Image & Video

[New Optimizer] 🌹 Rose: low VRAM, easy to use, great results, Apache 2.0

⚡New stateless PyTorch optimizer uses less memory than AdamW8bit while resisting overfitting.

Deep Dive

Independent developer MatthewK78 has publicly released Rose, a novel PyTorch optimizer named in memory of his mother, following two years of research and development. The optimizer's key architectural claim is being stateless, which allows it to use less working memory than even the memory-efficient AdamW8bit. According to the developer, its memory footprint approaches that of plain Stochastic Gradient Descent (SGD) when excluding working memory. Rose is designed for fast convergence and includes features like gradient centralization and stabilization to resist overfitting and improve generalization, though the developer notes benchmarks can be misleading and encourages community testing.

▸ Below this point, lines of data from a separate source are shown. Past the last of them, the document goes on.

Definition upd (x : vec) (i : nat) (t : R) : vec :=
  fun j => if Nat.eqb j i then t else x j.

From Stdlib Require Import Reals List Relations.
From Stdlib Require Import Lra Lia FunctionalExtensionality Factorial ZArith.
Open Scope R_scope.

(* (a) The logarithm of the Poisson product splits over coordinates, and the
   Stirling-type bounds [n ln n - n <= ln n! <= (n+1) ln (n+1) - n] turn
   [- ln pi^V (V x) / V] into [sum_i x_i (ln x_i - ln c_i - 1) + c_i] up to
   [O(ln V / V)].
   (b) A product of Poisson laws has total mass one, so [Z <= 1].  Conversely
   [Z >= pi^V (Y)] for every state [Y] of the component.  Adding a multiple of the
   equilibrium fluxes [kappa_k c^nu_k] writes [c - x] as a nonnegative combination
   of reaction vectors; firing the reactions at these rates from [V x^V] for about
   [V] rounds keeps the state at distance of order [V] from the boundary (every
   reaction stays enabled) and ends at some [Y ~ V c], where
   [- ln pi^V (Y) / V -> lyap c c = 0].
   (c) With [g = ln x - ln c], the derivative of the Lyapunov function along the
   drift is [sum_k w_k e^<nu_k,g> (<nu'_k,g> - <nu_k,g>)], which by convexity of
   [exp] is at most [sum_k w_k (e^<nu'_k,g> - e^<nu_k,g>)]; complex balance makes
   the latter sum vanish. *)

Lemma sumR_ext n f g : (forall i, (i < n)%nat -> f i = g i) -> sumR n f = sumR n g.
Proof. induction n; intros H; simpl; auto. rewrite IHn, H; auto. Qed.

Released under the permissive Apache 2.0 license, Rose is available on GitHub for immediate integration. The package includes support for modern training techniques like BF16 stochastic rounding and decoupled weight decay (AdamW-style). The developer provides a straightforward installation method via pip and example configuration for use with toolkits like ostris/ai-toolkit, suggesting users start by sampling outputs every 128 steps to assess behavior. By forgoing published benchmarks, MatthewK78 is positioning Rose as a practical tool where the quality of the final trained model's output is the ultimate metric, inviting the open-source community to validate its performance across diverse tasks.

Key Points
  • Stateless design uses less VRAM than AdamW8bit, approaching plain SGD memory use.
  • Includes built-in features for overfitting resistance and gradient centralization out of the box.
  • Open-sourced under Apache 2.0 license with easy pip install for immediate community testing.

Why It Matters

Offers a potential drop-in replacement to reduce memory costs and improve model generalization for researchers and engineers training LLMs.